Delay is Newest Option on Breaching Damsby Jonathan Brinckman and Jim Barnett - The Oregonian, September 3, 1999
Waiting for more data before deciding on four Snake River dams
is a possibility despite a promise for a decision this year
The National Marine Fisheries Service, which had promised to recommend by this spring whether to breach for salmon four federal dams on the lower Snake River, is now considering a third option: delay.
Federal officials said Thursday that they are weighing the possibility of waiting to recommend until more scientific information was available.
"We want the option of saying we don't have enough scientific confidence to make a recommendation," said Brian Gorman, a fisheries service spokesman.
The possibility of delay comes in the midst of a fierce battle about the future of Snake River dams. Many biologists and conservationists support breaching, calling it the best way to save salmon. It is opposed by industrial users of the river -- including bargers, irrigators and power users who say it would hurt their livelihoods.
Some advocates of breaching on Thursday called the possibility of delay a political decision designed to protect the Clinton administration and the year 2000 Democratic political campaign.
Some industrial users of the river, however, welcomed the possibility of delay. They said more study would prove that improving habitat and other measures would be more effective at restoring salmon than breaching.

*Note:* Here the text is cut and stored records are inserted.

(* Let $\{\alpha_k^i\}$ and $\{\tilde\alpha_k^i\}$, $i=1,\dots,n$, be the sequences produced by Algorithm DFL (defined in the context) with fixed $\epsilon>0$. Then $\lim_{k\to\infty}\alpha_k^i=0$ and $\lim_{k\to\infty}\tilde\alpha_k^i=0$ for every $i=1,\dots,n$.
   Context: Problem data: $f:\mathbb{R}^n\to\mathbb{R}$, $g:\mathbb{R}^n\to\mathbb{R}^m$, $h:\mathbb{R}^n\to\mathbb{R}^q$ continuously differentiable; $l,u\in\mathbb{R}^n$ with $l<u$; $X=\{x: l\le x\le u\}$; $S_<=\{x: g(x)<0\}$; there is $x_0\in X\cap S_<$. Fix $\nu>1$. For $\epsilon>0$, $P(x;\epsilon)=f(x)-\epsilon\sum_{j=1}^m\log(-g_j(x))+\frac1\epsilon\sum_{j=1}^q|h_j(x)|^\nu$ if $x\in S_<$, and $P(x;\epsilon)=+\infty$ otherwise. $e^i$ is the $i$-th unit coordinate vector. Expansion Step$(\hat\alpha,y,p,\gamma)$ with parameter $\delta\in(0,1)$ (using the current $\epsilon$): let $b$ be the largest $\beta\ge0$ with $y+\beta p\in X$; set $\alpha\leftarrow\hat\alpha$; repeat: $\check\alpha\leftarrow\min\{b,\alpha/\delta\}$; if $y+\check\alpha p\notin S_<$ return $\alpha$; else if $P(y+\check\alpha p;\epsilon)\le P(y;\epsilon)-\gamma\check\alpha^2$ set $\alpha\leftarrow\check\alpha$ and return if $\check\alpha=b$, else repeat; otherwise return $\alpha$. Algorithm DFL (parameters $\epsilon>0,\gamma>0,\theta\in(0,1),\delta\in(0,1)$, $\tilde\alpha_0^i>0$, $d_0^i=e^i$): for $k=0,1,\dots$: set $y_k^1=x_k$. For $i=1,\dots,n$: (a) choose $\hat\alpha\in[0,\tilde\alpha_k^i]$ with $y_k^i+\hat\alpha d_k^i\in S_<\cap X$; if $\hat\alpha>0$ and $P(y_k^i+\hat\alpha d_k^i;\epsilon)\le P(y_k^i;\epsilon)-\gamma\hat\alpha^2$, let $\alpha_k^i$ be the output of the Expansion Step$(\hat\alpha,y_k^i,d_k^i,\gamma)$ and set $\tilde\alpha_{k+1}^i=\alpha_k^i$, $d_{k+1}^i=d_k^i$; (b) otherwise do the same with $-d_k^i$ in place of $d_k^i$, and on success set $\tilde\alpha_{k+1}^i=\alpha_k^i$, $d_{k+1}^i=-d_k^i$; (c) if neither succeeds set $\alpha_k^i=0$, $d_{k+1}^i=d_k^i$, $\tilde\alpha_{k+1}^i=\theta\tilde\alpha_k^i$. Then $y_k^{i+1}=y_k^i+\alpha_k^i d_{k+1}^i$. Finally choose any $x_{k+1}\in S_<\cap X$ with $P(x_{k+1};\epsilon)\le P(y_k^{n+1};\epsilon)$. *)

From HB Require Import structures.
From mathcomp Require Import all_boot all_order all_algebra.
From mathcomp Require Import all_classical all_reals all_analysis.
Import Order.TTheory GRing.Theory Num.Theory.
Import numFieldNormedType.Exports.
Local Open Scope ring_scope.

Set Implicit Arguments.
Unset Strict Implicit.
Unset Printing Implicit Defensive.

Section DFLDefs.
Variable R : realType.

Definition C1 (V W : normedModType R) (F : V -> W) : Prop :=
  (forall x, differentiable F x) /\ (forall v : V, continuous (fun x => 'd F x v)).

Variables n m q : nat.

Definition inX (l u x : 'rV[R]_n) : bool :=
  [forall i, (l 0 i <= x 0 i) && (x 0 i <= u 0 i)].

Definition inS (g : 'rV[R]_n -> 'rV[R]_m) (x : 'rV[R]_n) : bool :=
  [forall j, g x 0 j < 0].

Definition Pen (f : 'rV[R]_n -> R) (g : 'rV[R]_n -> 'rV[R]_m)
  (h : 'rV[R]_n -> 'rV[R]_q) (nu eps : R) (x : 'rV[R]_n) : \bar R :=
  if inS g x then
    (f x - eps * (\sum_(j < m) ln (- g x 0 j))
         + eps^-1 * (\sum_(j < q) powR `|h x 0 j| nu))%:E
  else +oo%E.

Definition unitv (i : 'I_n) : 'rV[R]_n := delta_mx 0 i.

Definition is_max_step (l u y p : 'rV[R]_n) (b : R) : Prop :=
  0 <= b /\ inX l u (y + b *: p) /\
  (forall beta, 0 <= beta -> inX l u (y + beta *: p) -> beta <= b).

Definition suff_decr (Pf : 'rV[R]_n -> \bar R) (y p : 'rV[R]_n) (gamma a : R) : Prop :=
  (Pf (y + a *: p)%R <= Pf y - (gamma * a ^+ 2)%R%:E)%E.

(* The repeat loop of the Expansion Step, with b fixed:
   expansion a out  means: starting the loop with current alpha = a, the
   returned value is out. *)
Inductive expansion (Pf : 'rV[R]_n -> \bar R) (g : 'rV[R]_n -> 'rV[R]_m)
    (delta gamma b : R) (y p : 'rV[R]_n) : R -> R -> Prop :=
| exp_infeasible a :
    ~~ inS g (y + Num.min b (a / delta) *: p) ->
    expansion Pf g delta gamma b y p a a
| exp_stop_bound a :
    inS g (y + Num.min b (a / delta) *: p) ->
    suff_decr Pf y p gamma (Num.min b (a / delta)) ->
    Num.min b (a / delta) = b ->
    expansion Pf g delta gamma b y p a (Num.min b (a / delta))
| exp_continue a out :
    inS g (y + Num.min b (a / delta) *: p) ->
    suff_decr Pf y p gamma (Num.min b (a / delta)) ->
    Num.min b (a / delta) <> b ->
    expansion Pf g delta gamma b y p (Num.min b (a / delta)) out ->
    expansion Pf g delta gamma b y p a out
| exp_fail a :
    inS g (y + Num.min b (a / delta) *: p) ->
    ~ suff_decr Pf y p gamma (Num.min b (a / delta)) ->
    expansion Pf g delta gamma b y p a a.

A delay in a decision to breach could guarantee the extinction of Snake River salmon and steelhead trout, said Don Sampson, executive director of the Columbia Inter-Tribal Fish Commission, which represents four tribes with treaty rights to Columbia River salmon. The tribal commission has called for breaching the four dams: Ice Harbor, Lower Monumental, Little Goose and Lower Granite.

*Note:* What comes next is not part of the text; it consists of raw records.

(* A truncation of [x] satisfies the relation exactly, and by continuity its image is
   p-adically as close as we like to [f x] on the finitely many coordinates involved. *)
Lemma f_factor (x : V) : QpN x -> forall j, f x j = \sum_(a < frank) f x (mcol a) * ibasis a j.
Proof.
move=> [P HP] j.
pose h (w : V) := w j - \sum_(a < frank) w (mcol a) * ibasis a j.
apply/eqP; rewrite -subr_eq0 -/(h (f x)); apply/eqP; apply: in_pZ_eq0 => n.
pose D := (\max_(a < frank) qden (ibasis a j))%N.
pose F := j :: [seq mcol a | a <- iota 0 frank].
have [F' [n' near_x]] := tau_continuous_close fC fQ HP F (n + D).
pose y := vtrunc (\max_(i <- F') i).+1 x.
have Py : XP P y.
  by move=> i Hi; rewrite /y vtruncE; case: ifP => _; [exact: HP | exact/integralE/in_pZ0].
have close_y : close_on F' n' x y.
  move=> i Hi; rewrite /y vtruncE ltnS (leq_bigmax_seq _ Hi) // subrr; exact: in_pZ0.
have {near_x} close_fy := near_x y Py close_y.
have hy : h (f y) = 0 by rewrite /h f_vtrunc_factor subrr.
have -> : h (f x) =
    (f x j - f y j) - \sum_(a < frank) (f x (mcol a) - f y (mcol a)) * ibasis a j.
  transitivity (h (f x) - h (f y)); first by rewrite hy subr0.
  rewrite /h; under [in RHS]eq_bigr => a _ do rewrite mulrBl.
  by rewrite sumrB; ring.
apply: in_pZB.
  by rewrite -opprB; apply/in_pZN/(in_pZ_le (leq_addr D n))/close_fy; exact: mem_head.
apply: (big_ind (in_pZ n)); [exact: in_pZ0 | exact: in_pZD | move=> a _].
rewrite mulrC; apply: in_pZ_scale; apply: (@in_pZ_le _ _ (n + D)%N).
  by rewrite leq_add2l (leq_bigmax a).
rewrite -opprB; apply/in_pZN/close_fy.
by rewrite inE; apply/orP; right; apply/mapP; exists (nat_of_ord a); rewrite ?mem_iota ?ltn_ord.
Qed.

Lemma f_vcomb_mx (w : V) l :
  f (vcomb_mx (invmx Amax) (fun b : 'I_frank => mrow b) w) l = \sum_(a < frank) w a * ibasis a l.
Proof.
rewrite f_vcomb; under eq_bigr => b _ do rewrite mulr_suml.
rewrite exchange_big /=; apply: eq_bigr => a _.
by rewrite /ibasis mulr_sumr; apply: eq_bigr => b _; rewrite mulrA.
Qed.

Definition image_emb : bmap p := f \o vcomb_mx (invmx Amax) (fun b : 'I_frank => mrow b).
Definition image_coord : bmap p := vselect frank mcol \o f.

Hypothesis f_idem : idempotentB f.

Lemma image_emb_coord x : QpN x -> image_emb (image_coord x) = f x.
Proof.
move=> Hx; apply: funext => l; rewrite /image_emb /= f_vcomb_mx (f_factor Hx).
by apply: eq_bigr => a _; rewrite /image_coord /vselect /= ltn_ord.
Qed.
Lemma join0x x : join bot x = x. Proof. by rewrite plusC plus0. Qed.
Lemma joinxx x : join x x = x. Proof. by rewrite -{2}(meetKU x bot) joinKI. Qed.

Lemma leA_meetE x y : le x y <-> meet x y = x.
Proof.
split=> h; first by rewrite -h meetKU.
by rewrite /leA -h plusC meetC joinKI.
Qed.

Lemma meet_compl0_le x y : meet x (compl y) = bot -> le x y.
Proof.
by move=> h; apply/leA_meetE; rewrite -{2}(meetx1 x) -(complP A y) meetUr h plus0.
Qed.

Lemma leA_refl x : le x x. Proof. exact: joinxx. Qed.
Lemma leA_trans x y z : le x y -> le y z -> le x z.
Proof. by move=> h1 h2; rewrite /leA -h2 plusA h1. Qed.
Lemma leA_anti x y : le x y -> le y x -> x = y.
Proof. by move=> h1 h2; rewrite -h2 plusC h1. Qed.
Lemma leA_meetl x y : le (meet x y) x. Proof. by rewrite /leA plusC joinKI. Qed.
Lemma leA_meetr x y : le (meet x y) y. Proof. by rewrite meetC; apply: leA_meetl. Qed.
Lemma leA_meet x y z : le z x -> le z y -> le z (meet x y).
Proof. by move=> /leA_meetE h1 /leA_meetE h2; apply/leA_meetE; rewrite meetA h1 h2. Qed.
Lemma leA_joinl x y : le x (join x y). Proof. by rewrite /leA plusA joinxx. Qed.
Lemma leA_joinr x y : le y (join x y). Proof. by rewrite plusC; apply: leA_joinl. Qed.
Lemma leA_top x : le x top. Proof. by rewrite /leA -(complP A x) plusA joinxx. Qed.
Lemma leA_bot x : le x bot -> x = bot. Proof. by rewrite /leA plus0. Qed.
Lemma leA_meet2r x x' y : le x x' -> le (meet x y) (meet x' y).
Proof.
by move=> h; apply: leA_meet; [apply: leA_trans h; apply: leA_meetl | apply: leA_meetr].
Qed.

Lemma leA_conv x y : le x y -> le (conv A x) (conv A y).
Proof. by move=> h; rewrite /leA -conv_plus h. Qed.
Lemma leA_conv2 x y : le (conv A x) (conv A y) <-> le x y.
Proof. by split=> [/leA_conv|]; [rewrite !conv_inv | apply: leA_conv]. Qed.
Lemma leA_comp2l x y z : le y z -> le (cmp x y) (cmp x z).
Proof. by move=> h; rewrite /leA -comp_plus h. Qed.
Lemma leA_comp2r x y z : le y z -> le (cmp y x) (cmp z x).
Proof.
move=> h; apply/leA_conv2; rewrite !conv_comp; apply: leA_comp2l; exact: leA_conv.
Qed.

Lemma atom_leVmeet0 c x : is_atom A c -> le c x \/ meet c x = bot.
Proof.
move=> [_ min_c]; case: (classic (meet c x = bot)) => h; first by right.
by left; apply/leA_meetE; apply: min_c => //; apply: leA_meetl.
Qed.

Lemma atom_le_compl c x : is_atom A c -> (le c (compl x) <-> ~ le c x).
Proof.
move=> hc; split=> [h1 h2|h].
  by case: hc => + _; apply; apply: leA_bot; rewrite -(meetxC x); apply: leA_meet.
case: (atom_leVmeet0 x hc) => // h'; apply/leA_meetE.
by rewrite -{2}(meetx1 c) -(complP A x) meetUr h' join0x.
Qed.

"This is Al Gore saying, 'Punt the ball because I'm in a presidential race right now, and I can't afford to do the right thing,' " Sampson said. "We think delaying a decision is probably illegal under the Endangered Species Act and surely illegal with regard to federal treaty rights."
The possibility of delaying a recommendation is based on political -- not biological -- science, said Chris Zimmer, a spokesman for Save Our Wild Salmon in Seattle.
Fisheries service officials say much has changed since they wrote the 1995 legal document, called a biological opinion, that said a recommendation on breaching dams would be made in 1999. In addition to breaching, federal scientists are studying leaving the dams in place or fixing them to aid fish passage.
For one thing, only three stocks of Columbia Basin salmon were listed by the Endangered Species Act, all of them Snake River fish that migrate past the four dams. Now, 12 stocks of Columbia River salmon and steelhead, including stocks in the upper and lower Columbia that do not migrate past the dams, are listed.
Removing the Snake River dams, fisheries service officials say, may not be the best thing to do for all listed fish in the Columbia Basin.
Also, said Donna Darm, assistant regional administrator of the fisheries service and principal author of the 1995 biological opinion, the latest scientific data raise the possibility that breaching the Snake River dams to restore Snake River salmon may not be necessary.
"I don't think you can lightly say it's the best thing for the fish, and, therefore, we should do it," she said. "I think that would be irresponsible."
Rep. Peter DeFazio, D-Ore., agreed Thursday that new data pointed to the need for further study.
"I think a lot of what's happened in the last three or four months points to the possibility of a deferred breaching alternative," DeFazio said.
DeFazio said he thought that deferring the decision would not be a "political manipulation" on the part of the Clinton administration. At the same time, DeFazio said, aides to Gore would probably breathe easier for having avoided a difficult choice in the midst of a presidential campaign.
"I don't think that's how they envision kicking off the presidential election year," DeFazio said. "No matter what decision they make, there will be incredible controversy on either side."
Some proponents of dam removal say a delay would allow them additional time to make their case to members of Congress, especially those from outside the Northwest who are unfamiliar with the issue.
"More time allows us to build more public support around the nation," said Ralph DeGennaro, executive director of Taxpayers for Common Sense in Washington, D.C.
DeGennaro hopes to convince Congress that removing dams is best for taxpayers as well as fish. Unless salmon runs recover, he said, the federal government could be liable to Native American tribes for billions in damages through long-standing treaties.
Despite their best efforts so far, DeGennaro and some of the nation's most powerful environmental groups are struggling to force the dam removal into the national spotlight.
For now, at least, dam removal is a political impossibility. Northwest senators, led by Sen. Slade Gorton, R-Wash., oppose dam removal, and they control key positions on the powerful Appropriations Committee.